战争中保持各个城市间的连通性非常重要。本题要求你编写一个报警程序,当失去一个城市导致国家被分裂为多个无法连通的区域时,就发出红色警报。注意:若该国本来就不完全连通,是分裂的k个区域,而失去一个城市并不改变其他城市之间的连通性,则不要发出警报。

输入格式:

输入在第一行给出两个整数N(0 < N <=500)和M(<=5000),分别为城市个数(于是默认城市从0到N-1编号)和连接两城市的通路条数。随后M行,每行给出一条通路所连接的两个城市的编号,其间以1个空格分隔。在城市信息之后给出被攻占的信息,即一个正整数K和随后的K个被攻占的城市的编号。

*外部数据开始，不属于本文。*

Lemma sigmaD_okE (c : Ag) : sigmaD_ok c =1 sigmaK_ok (sgrp c).
Proof.
case=> //= H f; rewrite subset1 negb_or; case: eqP => //= _.
by rewrite (svalP H).
Qed.

Lemma deriv_DD (c : Ag) (Gm Sig Om : seq form) :
  L = LKD -> Gm <> [::] -> deriv L Gm [::] ->
  all (sigmaK_ok (sgrp c)) Sig -> all omega_ok Om ->
  deriv L (Sig ++ map (Box (sgrp c)) Gm) Om.
Proof. by move=> eL nG d HS; apply: d_DD => //; rewrite (eq_all (sigmaD_okE c)). Qed.

Lemma deriv_weakenR_omega F X Y : omega_ok F -> deriv L X Y -> deriv L X (F :: Y).
Proof.
move=> oF; elim=> {X Y}.
- move=> G D G' D' _ IH /PermutationP pG /PermutationP pD.
  by apply: deriv_perm IH pG _; rewrite perm_cons.
- by move=> q G D; apply: deriv_permr (d_id L q G (F :: D)) _; perm_solve.
- by move=> G D; apply: d_bot.
- move=> G D a1 a2 _ IH1 _ IH2.
  have h1 : deriv L G (a1 :: F :: D) by apply: deriv_permr IH1 _; perm_solve.
  have h2 : deriv L G (a2 :: F :: D) by apply: deriv_permr IH2 _; perm_solve.
  by apply: deriv_permr (d_Rand h1 h2) _; perm_solve.
- by move=> G D a1 a2 _ IH; apply: d_Land.
- move=> G D a1 a2 _ IH.
  have h : deriv L G (a1 :: a2 :: F :: D) by apply: deriv_permr IH _; perm_solve.
  by apply: deriv_permr (d_Ror h) _; perm_solve.
- by move=> G D a1 a2 _ IH1 _ IH2; apply: d_Lor.
- move=> G D a1 a2 _ IH.
  have h : deriv L (a1 :: G) (a2 :: F :: D) by apply: deriv_permr IH _; perm_solve.
  by apply: deriv_permr (d_Rimp h) _; perm_solve.
- move=> G D a1 a2 _ IH1 _ IH2.
  have h : deriv L G (a1 :: F :: D) by apply: deriv_permr IH1 _; perm_solve.
  exact: d_Limp h IH2.
- by move=> G D a1 _ IH; apply: deriv_permr (d_Rneg IH) _; perm_solve.
- move=> G D a1 _ IH.
  have h : deriv L G (a1 :: F :: D) by apply: deriv_permr IH _; perm_solve.
  by apply: d_Lneg.
- move=> boxes G b Sig Om prem _ Hb HS HO.
  apply: deriv_permr (d_DK (Om := F :: Om) prem Hb HS _) _; first by rewrite /= oF.
  perm_solve.
- by move=> c Gm Sig Om eL nG prem _ HS HO; apply: (d_DD (Om := F :: Om)) => //=; rewrite oF.
Qed.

注意:输入保证给出的被攻占的城市编号都是合法的且无重复,但并不保证给出的通路没有重复。

输出格式:

对每个被攻占的城市,如果它会改变整个国家的连通性,则输出“Red Alert: City k is lost!”,其中k是该城市的编号;否则只输出“City k is lost.”即可。如果该国失去了最后一个城市,则增加一行输出“Game Over.”。

输入样例:

5 4
0 1
1 3
3 0
0 4
5
1 2 0 4 3

输出样例:

City 1 is lost.
City 2 is lost.
Red Alert: City 0 is lost!
City 4 is lost.
City 3 is lost.
Game Over.

析:直接用并查集暴力即可,数据超水。

代码如下:

#pragma comment(linker, "/STACK:1024000000,1024000000")
#include <cstdio>
#include <string>
#include <cstdlib>
#include <cmath>
#include <iostream>
#include <cstring>
#include <set>
#include <queue>
#include <algorithm>
#include <vector>
#include <map>
#include <cctype>
#include <cmath>
#include <stack>
#include <sstream>
#define debug() puts("++++");
#define gcd(a, b) __gcd(a, b)
#define lson l,m,rt<<1
#define rson m+1,r,rt<<1|1
#define freopenr freopen("in.txt", "r", stdin)
#define freopenw freopen("out.txt", "w", stdout)
using namespace std; typedef long long LL;
typedef unsigned long long ULL;
typedef pair<int, int> P;
const int INF = 0x3f3f3f3f;
const double inf = 0x3f3f3f3f3f3f;
const double PI = acos(-1.0);
const double eps = 1e-8;
const int maxn = 500 + 10;
const int mod = 1e9 + 7;
const int dr[] = {-1, 0, 1, 0};
const int dc[] = {0, 1, 0, -1};
const char *de[] = {"0000", "0001", "0010", "0011", "0100", "0101", "0110", "0111", "1000", "1001", "1010", "1011", "1100", "1101", "1110", "1111"};
int n, m;
const int mon[] = {0, 31, 28, 31, 30, 31, 30, 31, 31, 30, 31, 30, 31};
const int monn[] = {0, 31, 29, 31, 30, 31, 30, 31, 31, 30, 31, 30, 31};
inline bool is_in(int r, int c){
return r >= 0 && r < n && c >= 0 && c < m;
}
bool vis[maxn];
vector<int> G[maxn];
int p[maxn];
inline int Find(int x){ return x == p[x] ? x : p[x] = Find(p[x]); }
bool cnt[maxn]; int main(){
scanf("%d %d", &n, &m);
for(int i = 0; i < n; ++i) p[i] = i;
for(int i = 0; i < m; ++i){
int u, v;
scanf("%d %d", &u, &v);
G[u].push_back(v);
int x = Find(u);
int y = Find(v);
if(x != y) p[y] = x;
}
scanf("%d", &m);
for(int j = 0; j < m; ++j){
int t;
scanf("%d", &t);
vis[t] = 1;
int tt = Find(t);
memset(cnt, 0, sizeof cnt);
for(int i = 0; i < n; ++i) if(!vis[i] && Find(i) == tt) cnt[i] = 1;
for(int i = 0; i < n; ++i) if(cnt[i]) p[i] = i;
for(int i = 0; i < n; ++i) if(cnt[i]){
int x = Find(i);
for(int k = 0; k < G[i].size(); ++k) if(cnt[G[i][k]]){
int y = Find(G[i][k]);
if(x != y) p[y] = x;
}
}
set<int> sets;
for(int i = 0; i < n; ++i) if(cnt[i]) sets.insert(Find(i));
if(sets.size() < 2) printf("City %d is lost.\n", t);
else printf("Red Alert: City %d is lost!\n", t);
}
if(m == n) puts("Game Over.");
return 0;
}
05-11 21:47